# WHAT IS BEING ASKED:
Once you find the line with "unfold e in *; lra." in the entries below, return exactly every line from it through the line with "replace (vadd x (vscal s y))".

Collected data entries

Lemma inv_INR_S_lt (e : R) : 0 < e -> exists N : nat, / (INR N + 1) < e.
Proof.
  intro He. destruct (INR_archimed e 1 He) as [N HN]. exists N.
  pose proof (pos_INR N).
  apply Rmult_lt_reg_r with (INR N + 1); [lra|]. rewrite Rinv_l by lra. nra.
Qed.

Lemma inv_INR_S_le (N n : nat) : (N <= n)%nat -> / (INR n + 1) <= / (INR N + 1).
Proof.
  intro H. apply Rinv_le_contravar; [pose proof (pos_INR N); lra|].
  apply le_INR in H. lra.
Qed.

Lemma derivable_pt_lim_affine (c k : R) : derivable_pt_lim (fun t => c + t * k) 0 k.
Proof.
  intros eps He. exists (mkposreal eps He). intros h Hh _.
  replace ((c + (0 + h) * k - (c + 0 * k)) / h - k) with 0 by (field; auto).
  rewrite Rabs_R0; auto.
Qed.

Lemma derivable_pt_lim_0_le (f g : R -> R) (lf lg : R) :
  derivable_pt_lim f 0 lf -> derivable_pt_lim g 0 lg ->
  f 0 = g 0 -> (forall t, 0 < t -> f t <= g t) -> lf <= lg.
Proof.
  intros Hf Hg E0 Hle. apply Rnot_lt_le; intro Hlt.
  set (e := (lf - lg) / 2).
  destruct (Hf e ltac:(unfold e; lra)) as [d1 H1].
  destruct (Hg e ltac:(unfold e; lra)) as [d2 H2].
  set (h := Rmin d1 d2 / 2).
  pose proof (cond_pos d1). pose proof (cond_pos d2).
  pose proof (Rmin_l d1 d2). pose proof (Rmin_r d1 d2).
  assert (Hh : 0 < h) by (unfold h; apply Rmin_case; lra).
  assert (Habs : Rabs h = h) by (apply Rabs_right; lra).
  specialize (H1 h ltac:(lra) ltac:(unfold h in *; lra)).
  specialize (H2 h ltac:(lra) ltac:(unfold h in *; lra)).
  rewrite Rplus_0_l in H1, H2. apply Rabs_def2 in H1. apply Rabs_def2 in H2.
  assert ((f h - f 0) / h <= (g h - g 0) / h).
  { apply Rmult_le_compat_r; [left; apply Rinv_0_lt_compat; auto | specialize (Hle h Hh); lra]. }
  unfold e in *; lra.
Qed.

Section NormDerivative.
Variable E : NormedSpace.
Hypothesis US : uniformly_smooth E.

Definition norm_quot (x y : E) (t : R) : R := (vnorm (vadd x (vscal t y)) - vnorm x) / t.

Lemma norm_quot_mono (x y : E) (s t : R) : 0 < s -> s <= t ->
  norm_quot x y s <= norm_quot x y t.
Proof.
  intros Hs Hst. unfold norm_quot.
  assert (Hconv : vnorm (vadd x (vscal s y))
                  <= (1 - s / t) * vnorm x + (s / t) * vnorm (vadd x (vscal t y))).
  { replace (vadd x (vscal s y))
      with (vadd (vscal (1 - s / t) x) (vscal (s / t) (vadd x (vscal t y))))
      by (vector_eq x y y; field; lra).
    assert (s / t <= 1) by (apply Rmult_le_reg_r with t; [lra|]; field_simplify; lra).
    assert (0 < s / t) by (apply Rdiv_lt_0_compat; lra).
    eapply Rle_trans; [apply vnorm_triangle|].
    rewrite !vnorm_scal_pos by lra. lra. }
  apply Rmult_le_reg_r with (s * t); [nra|].
  replace ((vnorm (vadd x (vscal s y)) - vnorm x) / s * (s * t))
    with ((vnorm (vadd x (vscal s y)) - vnorm x) * t) by (field; lra).
  replace ((vnorm (vadd x (vscal t y)) - vnorm x) / t * (s * t))
    with ((vnorm (vadd x (vscal t y)) - vnorm x) * s) by (field; lra).
  apply (Rmult_le_compat_r t) in Hconv; [|lra].
  replace (((1 - s / t) * vnorm x + s / t * vnorm (vadd x (vscal t y))) * t)
    with (vnorm x * t - vnorm x * s + s * vnorm (vadd x (vscal t y))) in Hconv by (field; lra).
  lra.
Qed.

Lemma norm_quot_lower (x y : E) (t : R) : 0 < t -> - vnorm y <= norm_quot x y t.
Proof.
  intro Ht. unfold norm_quot.
  assert (vnorm x <= vnorm (vadd x (vscal t y)) + t * vnorm y).
  { replace x with (vsub (vadd x (vscal t y)) (vscal t y)) at 1 by (vector_eq x y y; ring).
    rewrite <- (vnorm_scal_pos _ t y) by lra. apply vnorm_sub_le. }
  replace (- vnorm y) with ((- t * vnorm y) / t) by (field; lra).
  apply Rmult_le_compat_r; [left; apply Rinv_0_lt_compat|]; lra.
Qed.

Lemma norm_quot_opp_le (x y : E) (t : R) : 0 < t -> norm_quot x y (- t) <= norm_quot x y t.
Proof.
  intro Ht. unfold norm_quot.
  assert (2 * vnorm x <= vnorm (vadd x (vscal t y)) + vnorm (vadd x (vscal (- t) y))).
  { replace x with (vscal (/2) (vadd (vadd x (vscal t y)) (vadd x (vscal (- t) y))))
      at 1 by (vector_eq x y y; field).
    rewrite vnorm_scal_pos by lra.
    pose proof (vnorm_triangle E (vadd x (vscal t y)) (vadd x (vscal (- t) y))). lra. }
  replace ((vnorm (vadd x (vscal (- t) y)) - vnorm x) / - t)
    with ((vnorm x - vnorm (vadd x (vscal (- t) y))) / t) by (field; lra).
  apply Rmult_le_compat_r; [left; apply Rinv_0_lt_compat|]; lra.
Qed.

(* Rescaling [uniformly_smooth] from unit vectors to x and y. *)
Lemma norm_quot_gap (x y : E) : x <> vzero -> forall eps, 0 < eps ->
  exists delta, 0 < delta /\ forall t, 0 < t < delta ->
    norm_quot x y t - norm_quot x y (- t) <= eps.
Proof.
  intros Hx eps He.
  assert (Hgap : forall t, 0 < t ->
    norm_quot x y t - norm_quot x y (- t)
    = (vnorm (vadd x (vscal t y)) + vnorm (vadd x (vscal (- t) y)) - 2 * vnorm x) / t)
    by (intros; unfold norm_quot; field; lra).
  destruct (classic (y = vzero)) as [->|Hy].
  { exists 1; split; [lra|]. intros t Ht. rewrite Hgap, !vscal_zero_r, vadd_zero by lra.
    replace ((vnorm x + vnorm x - 2 * vnorm x) / t) with 0 by (field; lra). lra. }
  pose proof (vnorm_pos E x Hx) as Nx. pose proof (vnorm_pos E y Hy) as Ny.
  destruct (US (eps / (2 * vnorm y))) as [d [Hd HU]]; [apply Rdiv_lt_0_compat; lra|].
  exists (d * vnorm x / vnorm y); split; [apply Rdiv_lt_0_compat; nra|].
  intros t Ht. rewrite Hgap by lra.
  set (s := t * vnorm y / vnorm x).
  assert (Hs : 0 < s < d).
  { unfold s; split; [apply Rdiv_lt_0_compat; nra|].
    apply Rmult_lt_reg_r with (vnorm x / vnorm y); [apply Rdiv_lt_0_compat; lra|].
    replace (t * vnorm y / vnorm x * (vnorm x / vnorm y)) with t by (field; lra).
    replace (d * (vnorm x / vnorm y)) with (d * vnorm x / vnorm y) by (field; lra). lra. }
  set (u := vscal (/ vnorm x) x). set (v := vscal (/ vnorm y) y).
  assert (Hu : vnorm u = 1)
    by (unfold u; rewrite vnorm_scal_pos by (left; apply Rinv_0_lt_compat; lra); field; lra).
  assert (Hv : vnorm v = 1)
    by (unfold v; rewrite vnorm_scal_pos by (left; apply Rinv_0_lt_compat; lra); field; lra).
  specialize (HU u v s Hu Hv Hs).
  replace (vadd x (vscal t y)) with (vscal (vnorm x) (vadd u (vscal s v)))
    by (unfold u, v, s; vector_eq x y y; field; lra).
  replace (vadd x (vscal (- t) y)) with (vscal (vnorm x) (vadd u (vscal (- s) v)))
    by (unfold u, v, s; vector_eq x y y; field; lra).
  rewrite !vnorm_scal_pos by lra.
  apply Rmult_le_reg_r with t; [lra|].
  replace ((vnorm x * vnorm (vadd u (vscal s v)) + vnorm x * vnorm (vadd u (vscal (- s) v))
            - 2 * vnorm x) / t * t)
    with (2 * vnorm x * ((vnorm (vadd u (vscal s v)) + vnorm (vadd u (vscal (- s) v))) / 2 - 1))
    by (field; lra).
  apply Rle_trans with (2 * vnorm x * (eps / (2 * vnorm y) * s)); [apply Rmult_le_compat_l; lra|].
  unfold s. right; field; lra.
Qed.

(* The derivative is the infimum of the right difference quotients, which
   decrease as t -> 0+ by convexity of the norm; uniform smoothness brings
   the left quotients to the same limit. *)
Lemma norm_directional_derivable (x y : E) : x <> vzero ->
  exists l, derivable_pt_lim (fun t => vnorm (vadd x (vscal t y))) 0 l.
Proof.
  intro Hx.
  destruct (exists_inf (fun t => 0 < t) (norm_quot x y) (- vnorm y))
    as [L [_ [HL Happrox]]].
  { exists 1; lra. }
  { apply norm_quot_lower. }
  exists L. intros eps He.
  destruct (Happrox eps He) as [t0 [Ht0 Hq0]].
  destruct (norm_quot_gap x y Hx (eps / 2)) as [ds [Hds Hgap]]; [lra|].
  assert (Hd : 0 < Rmin t0 ds) by (apply Rmin_case; lra).
  exists (mkposreal _ Hd). simpl. intros h Hh Hhd.
  pose proof (Rmin_l t0 ds). pose proof (Rmin_r t0 ds).
  replace ((vnorm (vadd x (vscal (0 + h) y)) - vnorm (vadd x (vscal 0 y))) / h)
    with (norm_quot x y h) by (unfold norm_quot; rewrite Rplus_0_l, vscal_zero_l, vadd_zero; auto).
  apply Rabs_def1.
  - destruct (Rle_or_lt 0 h) as [Hp|Hn].
    + rewrite Rabs_right in Hhd by lra.
      pose proof (norm_quot_mono x y h t0 ltac:(lra) ltac:(lra)). lra.
    + rewrite Rabs_left in Hhd by lra.
      pose proof (norm_quot_mono x y (- h) t0 ltac:(lra) ltac:(lra)).
      pose proof (norm_quot_opp_le x y (- h) ltac:(lra)). rewrite Ropp_involutive in *. lra.
  - destruct (Rle_or_lt 0 h) as [Hp|Hn].
    + assert (0 < h) by lra. specialize (HL h H1). lra.
    + rewrite Rabs_left in Hhd by lra.
      specialize (HL (- h) ltac:(lra)).
      specialize (Hgap (- h) ltac:(lra)). rewrite Ropp_involutive in Hgap. lra.
Qed.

# ANSWER SECTION:
  unfold e in *; lra.
Qed.

Section NormDerivative.
Variable E : NormedSpace.
Hypothesis US : uniformly_smooth E.

Definition norm_quot (x y : E) (t : R) : R := (vnorm (vadd x (vscal t y)) - vnorm x) / t.

Lemma norm_quot_mono (x y : E) (s t : R) : 0 < s -> s <= t ->
  norm_quot x y s <= norm_quot x y t.
Proof.
  intros Hs Hst. unfold norm_quot.
  assert (Hconv : vnorm (vadd x (vscal s y))
                  <= (1 - s / t) * vnorm x + (s / t) * vnorm (vadd x (vscal t y))).
  { replace (vadd x (vscal s y))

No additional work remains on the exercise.